- _Directions_: Copy out, word for word, the lines from the start of the data below through the line containing "(The multiplication is", and no others.

(Collected data entries)

*** Begin section ***

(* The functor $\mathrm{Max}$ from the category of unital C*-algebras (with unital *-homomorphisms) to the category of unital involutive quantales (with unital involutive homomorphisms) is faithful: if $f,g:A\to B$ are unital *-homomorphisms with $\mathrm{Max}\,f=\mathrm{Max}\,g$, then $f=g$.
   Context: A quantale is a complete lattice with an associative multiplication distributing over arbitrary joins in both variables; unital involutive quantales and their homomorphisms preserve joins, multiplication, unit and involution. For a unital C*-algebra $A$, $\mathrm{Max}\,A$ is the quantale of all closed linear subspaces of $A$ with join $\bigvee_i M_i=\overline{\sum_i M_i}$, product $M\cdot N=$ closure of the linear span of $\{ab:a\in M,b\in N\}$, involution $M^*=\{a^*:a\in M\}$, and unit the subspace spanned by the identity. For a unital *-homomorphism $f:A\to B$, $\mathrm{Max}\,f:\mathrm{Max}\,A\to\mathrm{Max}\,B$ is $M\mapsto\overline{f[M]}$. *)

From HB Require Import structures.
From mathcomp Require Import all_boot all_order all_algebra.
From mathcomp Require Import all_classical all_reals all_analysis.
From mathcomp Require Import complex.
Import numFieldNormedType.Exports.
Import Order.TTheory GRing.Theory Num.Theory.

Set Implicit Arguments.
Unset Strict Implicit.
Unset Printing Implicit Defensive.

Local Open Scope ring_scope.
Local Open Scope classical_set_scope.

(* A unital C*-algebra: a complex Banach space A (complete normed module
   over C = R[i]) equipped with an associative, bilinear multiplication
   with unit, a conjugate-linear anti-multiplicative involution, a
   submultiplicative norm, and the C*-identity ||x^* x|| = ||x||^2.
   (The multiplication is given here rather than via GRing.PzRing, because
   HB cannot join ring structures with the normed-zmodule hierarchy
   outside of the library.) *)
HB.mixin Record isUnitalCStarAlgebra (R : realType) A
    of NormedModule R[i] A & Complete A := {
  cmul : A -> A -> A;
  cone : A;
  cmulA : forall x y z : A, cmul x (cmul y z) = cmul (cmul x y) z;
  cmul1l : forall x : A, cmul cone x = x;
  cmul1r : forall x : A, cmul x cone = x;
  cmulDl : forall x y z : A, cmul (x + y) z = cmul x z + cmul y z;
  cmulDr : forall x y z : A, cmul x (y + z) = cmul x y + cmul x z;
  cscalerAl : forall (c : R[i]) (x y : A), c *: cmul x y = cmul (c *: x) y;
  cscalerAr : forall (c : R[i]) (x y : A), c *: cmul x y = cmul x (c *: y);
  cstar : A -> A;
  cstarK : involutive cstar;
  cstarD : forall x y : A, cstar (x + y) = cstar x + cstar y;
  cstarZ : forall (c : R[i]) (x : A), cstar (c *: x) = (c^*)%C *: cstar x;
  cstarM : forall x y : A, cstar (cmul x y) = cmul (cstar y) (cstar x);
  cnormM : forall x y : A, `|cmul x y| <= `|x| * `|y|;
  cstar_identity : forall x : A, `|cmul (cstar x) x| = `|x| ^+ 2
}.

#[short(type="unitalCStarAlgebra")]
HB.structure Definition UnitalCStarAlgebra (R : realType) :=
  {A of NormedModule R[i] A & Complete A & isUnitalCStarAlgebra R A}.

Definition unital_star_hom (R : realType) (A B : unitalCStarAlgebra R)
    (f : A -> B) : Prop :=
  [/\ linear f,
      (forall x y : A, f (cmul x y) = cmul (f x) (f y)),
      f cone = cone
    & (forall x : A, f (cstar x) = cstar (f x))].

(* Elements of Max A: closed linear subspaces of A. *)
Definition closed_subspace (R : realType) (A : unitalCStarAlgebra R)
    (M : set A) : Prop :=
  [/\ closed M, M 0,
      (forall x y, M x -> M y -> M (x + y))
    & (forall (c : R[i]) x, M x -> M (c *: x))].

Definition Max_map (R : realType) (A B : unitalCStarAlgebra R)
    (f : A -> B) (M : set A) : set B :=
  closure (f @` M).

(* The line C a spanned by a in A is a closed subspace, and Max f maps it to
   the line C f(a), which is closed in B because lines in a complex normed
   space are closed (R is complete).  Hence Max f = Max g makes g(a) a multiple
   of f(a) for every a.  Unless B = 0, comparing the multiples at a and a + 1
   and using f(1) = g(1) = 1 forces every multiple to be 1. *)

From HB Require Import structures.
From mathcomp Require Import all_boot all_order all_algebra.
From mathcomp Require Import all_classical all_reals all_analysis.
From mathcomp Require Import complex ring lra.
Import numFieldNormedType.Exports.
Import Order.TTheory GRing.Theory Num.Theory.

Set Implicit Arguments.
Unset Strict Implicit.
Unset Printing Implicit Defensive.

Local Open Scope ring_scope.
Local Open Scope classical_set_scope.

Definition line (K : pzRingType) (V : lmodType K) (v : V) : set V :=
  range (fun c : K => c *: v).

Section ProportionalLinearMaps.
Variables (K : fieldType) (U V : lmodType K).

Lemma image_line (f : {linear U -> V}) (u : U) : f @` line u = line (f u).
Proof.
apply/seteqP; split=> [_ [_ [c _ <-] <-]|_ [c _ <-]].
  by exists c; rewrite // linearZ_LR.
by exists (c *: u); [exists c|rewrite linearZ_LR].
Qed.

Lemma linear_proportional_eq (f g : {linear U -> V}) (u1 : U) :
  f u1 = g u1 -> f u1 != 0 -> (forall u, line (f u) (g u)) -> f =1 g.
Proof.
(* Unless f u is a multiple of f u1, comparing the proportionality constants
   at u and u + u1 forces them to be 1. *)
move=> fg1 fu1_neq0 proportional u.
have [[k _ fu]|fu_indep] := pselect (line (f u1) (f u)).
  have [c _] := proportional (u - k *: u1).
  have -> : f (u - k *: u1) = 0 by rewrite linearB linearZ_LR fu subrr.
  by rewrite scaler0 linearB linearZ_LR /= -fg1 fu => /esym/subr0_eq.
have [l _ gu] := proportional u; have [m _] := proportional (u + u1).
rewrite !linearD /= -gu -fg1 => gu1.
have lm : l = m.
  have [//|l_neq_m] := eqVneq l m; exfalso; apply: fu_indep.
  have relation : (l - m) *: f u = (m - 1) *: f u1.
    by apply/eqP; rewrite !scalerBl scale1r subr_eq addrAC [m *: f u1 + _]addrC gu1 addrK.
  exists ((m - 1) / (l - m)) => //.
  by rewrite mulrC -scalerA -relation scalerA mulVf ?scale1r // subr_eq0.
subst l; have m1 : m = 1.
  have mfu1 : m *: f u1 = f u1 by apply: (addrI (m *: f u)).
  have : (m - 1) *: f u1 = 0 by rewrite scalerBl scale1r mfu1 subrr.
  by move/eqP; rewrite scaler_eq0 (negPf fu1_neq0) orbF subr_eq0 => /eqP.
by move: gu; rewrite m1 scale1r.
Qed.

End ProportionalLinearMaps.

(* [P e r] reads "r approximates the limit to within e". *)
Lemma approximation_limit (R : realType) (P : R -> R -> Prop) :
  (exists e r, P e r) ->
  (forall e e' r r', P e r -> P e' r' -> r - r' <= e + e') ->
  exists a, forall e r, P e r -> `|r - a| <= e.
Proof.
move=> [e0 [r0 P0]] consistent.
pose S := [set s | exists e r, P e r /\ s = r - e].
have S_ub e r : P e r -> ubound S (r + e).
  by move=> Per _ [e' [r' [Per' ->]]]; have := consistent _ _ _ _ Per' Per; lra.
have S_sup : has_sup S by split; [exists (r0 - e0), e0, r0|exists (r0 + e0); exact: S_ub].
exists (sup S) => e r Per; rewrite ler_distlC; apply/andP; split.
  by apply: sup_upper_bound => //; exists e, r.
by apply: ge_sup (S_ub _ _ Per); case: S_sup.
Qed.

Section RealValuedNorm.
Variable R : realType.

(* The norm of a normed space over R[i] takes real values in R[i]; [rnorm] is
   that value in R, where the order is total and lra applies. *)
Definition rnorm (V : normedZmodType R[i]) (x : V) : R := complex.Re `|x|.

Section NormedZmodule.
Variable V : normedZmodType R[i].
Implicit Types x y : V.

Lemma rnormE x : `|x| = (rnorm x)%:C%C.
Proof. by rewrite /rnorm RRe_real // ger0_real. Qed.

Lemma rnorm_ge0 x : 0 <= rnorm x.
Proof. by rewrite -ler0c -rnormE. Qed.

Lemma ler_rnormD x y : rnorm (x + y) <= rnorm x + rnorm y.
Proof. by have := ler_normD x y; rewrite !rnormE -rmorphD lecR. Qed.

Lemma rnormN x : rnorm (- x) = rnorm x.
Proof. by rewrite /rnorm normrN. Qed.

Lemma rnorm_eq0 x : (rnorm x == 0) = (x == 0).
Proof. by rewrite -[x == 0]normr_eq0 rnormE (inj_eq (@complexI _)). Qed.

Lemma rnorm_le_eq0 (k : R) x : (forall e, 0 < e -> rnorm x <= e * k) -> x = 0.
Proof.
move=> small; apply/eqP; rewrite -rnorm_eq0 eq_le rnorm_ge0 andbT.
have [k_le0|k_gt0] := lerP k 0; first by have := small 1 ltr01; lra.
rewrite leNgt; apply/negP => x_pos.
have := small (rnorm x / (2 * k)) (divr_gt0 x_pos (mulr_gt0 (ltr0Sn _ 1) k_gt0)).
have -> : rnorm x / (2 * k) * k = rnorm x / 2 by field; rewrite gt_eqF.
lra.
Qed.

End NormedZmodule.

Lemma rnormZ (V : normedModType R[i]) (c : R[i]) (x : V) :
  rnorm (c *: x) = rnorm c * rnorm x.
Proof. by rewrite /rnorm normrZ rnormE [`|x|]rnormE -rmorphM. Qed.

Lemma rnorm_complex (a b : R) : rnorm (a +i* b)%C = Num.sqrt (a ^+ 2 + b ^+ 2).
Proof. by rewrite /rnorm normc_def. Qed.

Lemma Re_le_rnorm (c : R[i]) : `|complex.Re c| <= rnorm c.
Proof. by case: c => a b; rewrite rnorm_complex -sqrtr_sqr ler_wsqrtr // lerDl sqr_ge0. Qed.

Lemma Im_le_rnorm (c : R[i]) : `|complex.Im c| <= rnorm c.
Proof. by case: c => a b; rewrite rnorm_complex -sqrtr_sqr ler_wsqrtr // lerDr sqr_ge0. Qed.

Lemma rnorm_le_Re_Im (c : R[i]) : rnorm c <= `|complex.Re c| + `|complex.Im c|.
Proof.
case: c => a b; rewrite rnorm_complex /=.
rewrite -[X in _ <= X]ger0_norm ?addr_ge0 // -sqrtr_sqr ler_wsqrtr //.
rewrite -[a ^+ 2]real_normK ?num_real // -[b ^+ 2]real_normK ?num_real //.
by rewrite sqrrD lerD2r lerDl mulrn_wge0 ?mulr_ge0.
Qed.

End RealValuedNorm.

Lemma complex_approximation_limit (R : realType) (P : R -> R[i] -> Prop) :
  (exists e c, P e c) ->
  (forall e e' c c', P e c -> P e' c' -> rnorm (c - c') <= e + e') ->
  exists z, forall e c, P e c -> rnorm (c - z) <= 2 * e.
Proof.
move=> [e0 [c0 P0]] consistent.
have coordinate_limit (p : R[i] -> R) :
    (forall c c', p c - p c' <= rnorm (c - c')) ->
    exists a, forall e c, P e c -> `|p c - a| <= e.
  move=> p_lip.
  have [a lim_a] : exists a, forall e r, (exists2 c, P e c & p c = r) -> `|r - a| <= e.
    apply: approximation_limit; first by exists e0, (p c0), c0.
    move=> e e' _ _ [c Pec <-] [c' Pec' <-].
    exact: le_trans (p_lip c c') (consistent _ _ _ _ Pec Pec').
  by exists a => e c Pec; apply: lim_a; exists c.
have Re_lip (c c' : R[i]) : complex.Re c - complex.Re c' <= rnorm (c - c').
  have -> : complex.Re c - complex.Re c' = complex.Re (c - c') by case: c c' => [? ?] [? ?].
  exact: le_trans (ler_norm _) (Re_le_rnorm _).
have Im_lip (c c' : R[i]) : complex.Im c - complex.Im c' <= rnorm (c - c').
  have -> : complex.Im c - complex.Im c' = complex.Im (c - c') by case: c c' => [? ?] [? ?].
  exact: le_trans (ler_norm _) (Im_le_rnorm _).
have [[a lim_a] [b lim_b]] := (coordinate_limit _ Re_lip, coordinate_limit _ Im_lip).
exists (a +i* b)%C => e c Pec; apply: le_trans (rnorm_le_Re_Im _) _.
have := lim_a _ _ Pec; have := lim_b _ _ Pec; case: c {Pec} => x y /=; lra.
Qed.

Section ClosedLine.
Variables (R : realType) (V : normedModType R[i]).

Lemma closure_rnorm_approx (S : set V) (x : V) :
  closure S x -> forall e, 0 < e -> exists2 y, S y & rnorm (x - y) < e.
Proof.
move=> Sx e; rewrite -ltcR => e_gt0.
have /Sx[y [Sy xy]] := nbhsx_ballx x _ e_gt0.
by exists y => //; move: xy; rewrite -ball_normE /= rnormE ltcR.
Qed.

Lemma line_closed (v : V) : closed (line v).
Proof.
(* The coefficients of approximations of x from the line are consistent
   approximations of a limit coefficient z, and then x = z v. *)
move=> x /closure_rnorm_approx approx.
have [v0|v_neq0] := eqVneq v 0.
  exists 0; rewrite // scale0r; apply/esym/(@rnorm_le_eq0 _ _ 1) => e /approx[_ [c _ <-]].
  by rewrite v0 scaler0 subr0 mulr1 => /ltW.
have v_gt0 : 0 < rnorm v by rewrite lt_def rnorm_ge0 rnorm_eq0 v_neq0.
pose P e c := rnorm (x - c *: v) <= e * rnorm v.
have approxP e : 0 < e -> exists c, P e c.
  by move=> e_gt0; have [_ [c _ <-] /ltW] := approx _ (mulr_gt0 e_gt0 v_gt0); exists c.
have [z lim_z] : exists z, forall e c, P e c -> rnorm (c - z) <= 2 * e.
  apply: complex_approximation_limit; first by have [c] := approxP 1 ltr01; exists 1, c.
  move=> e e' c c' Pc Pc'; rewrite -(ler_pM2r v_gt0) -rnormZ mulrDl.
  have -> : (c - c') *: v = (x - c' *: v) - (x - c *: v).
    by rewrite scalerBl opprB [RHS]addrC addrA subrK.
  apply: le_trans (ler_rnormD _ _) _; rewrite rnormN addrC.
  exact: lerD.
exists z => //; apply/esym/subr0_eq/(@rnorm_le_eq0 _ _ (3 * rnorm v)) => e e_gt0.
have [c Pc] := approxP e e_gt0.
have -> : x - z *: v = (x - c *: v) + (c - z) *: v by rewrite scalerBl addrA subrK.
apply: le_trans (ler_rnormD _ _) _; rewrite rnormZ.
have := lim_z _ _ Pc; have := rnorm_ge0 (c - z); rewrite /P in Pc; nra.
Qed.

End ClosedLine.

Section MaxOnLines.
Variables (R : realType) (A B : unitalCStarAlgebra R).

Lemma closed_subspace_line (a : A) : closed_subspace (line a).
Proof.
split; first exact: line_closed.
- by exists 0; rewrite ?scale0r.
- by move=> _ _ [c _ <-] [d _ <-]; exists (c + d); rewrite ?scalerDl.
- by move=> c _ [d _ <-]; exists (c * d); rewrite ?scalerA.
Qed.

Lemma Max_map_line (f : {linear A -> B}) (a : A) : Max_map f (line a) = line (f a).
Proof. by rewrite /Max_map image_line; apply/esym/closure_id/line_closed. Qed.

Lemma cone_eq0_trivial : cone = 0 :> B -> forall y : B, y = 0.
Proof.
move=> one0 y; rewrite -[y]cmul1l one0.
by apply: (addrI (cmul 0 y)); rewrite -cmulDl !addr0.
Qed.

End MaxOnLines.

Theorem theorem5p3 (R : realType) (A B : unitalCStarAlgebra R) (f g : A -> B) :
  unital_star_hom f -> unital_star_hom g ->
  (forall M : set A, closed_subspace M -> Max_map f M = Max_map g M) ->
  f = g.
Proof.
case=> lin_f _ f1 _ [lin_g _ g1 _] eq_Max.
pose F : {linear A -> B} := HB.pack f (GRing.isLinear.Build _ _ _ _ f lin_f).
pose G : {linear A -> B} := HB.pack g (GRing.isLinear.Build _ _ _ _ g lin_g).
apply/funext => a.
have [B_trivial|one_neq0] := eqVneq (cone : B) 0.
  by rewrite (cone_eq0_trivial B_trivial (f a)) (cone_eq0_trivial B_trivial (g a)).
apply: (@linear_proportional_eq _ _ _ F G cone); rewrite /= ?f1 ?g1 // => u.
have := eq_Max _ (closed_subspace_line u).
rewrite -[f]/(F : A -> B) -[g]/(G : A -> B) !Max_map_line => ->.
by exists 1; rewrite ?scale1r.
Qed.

*** End section ***

- _Answer to this exercise_:
(* The functor $\mathrm{Max}$ from the category of unital C*-algebras (with unital *-homomorphisms) to the category of unital involutive quantales (with unital involutive homomorphisms) is faithful: if $f,g:A\to B$ are unital *-homomorphisms with $\mathrm{Max}\,f=\mathrm{Max}\,g$, then $f=g$.
   Context: A quantale is a complete lattice with an associative multiplication distributing over arbitrary joins in both variables; unital involutive quantales and their homomorphisms preserve joins, multiplication, unit and involution. For a unital C*-algebra $A$, $\mathrm{Max}\,A$ is the quantale of all closed linear subspaces of $A$ with join $\bigvee_i M_i=\overline{\sum_i M_i}$, product $M\cdot N=$ closure of the linear span of $\{ab:a\in M,b\in N\}$, involution $M^*=\{a^*:a\in M\}$, and unit the subspace spanned by the identity. For a unital *-homomorphism $f:A\to B$, $\mathrm{Max}\,f:\mathrm{Max}\,A\to\mathrm{Max}\,B$ is $M\mapsto\overline{f[M]}$. *)

From HB Require Import structures.
From mathcomp Require Import all_boot all_order all_algebra.
From mathcomp Require Import all_classical all_reals all_analysis.
From mathcomp Require Import complex.
Import numFieldNormedType.Exports.
Import Order.TTheory GRing.Theory Num.Theory.

Set Implicit Arguments.
Unset Strict Implicit.
Unset Printing Implicit Defensive.

Local Open Scope ring_scope.
Local Open Scope classical_set_scope.

(* A unital C*-algebra: a complex Banach space A (complete normed module
   over C = R[i]) equipped with an associative, bilinear multiplication
   with unit, a conjugate-linear anti-multiplicative involution, a
   submultiplicative norm, and the C*-identity ||x^* x|| = ||x||^2.
   (The multiplication is given here rather than via GRing.PzRing, because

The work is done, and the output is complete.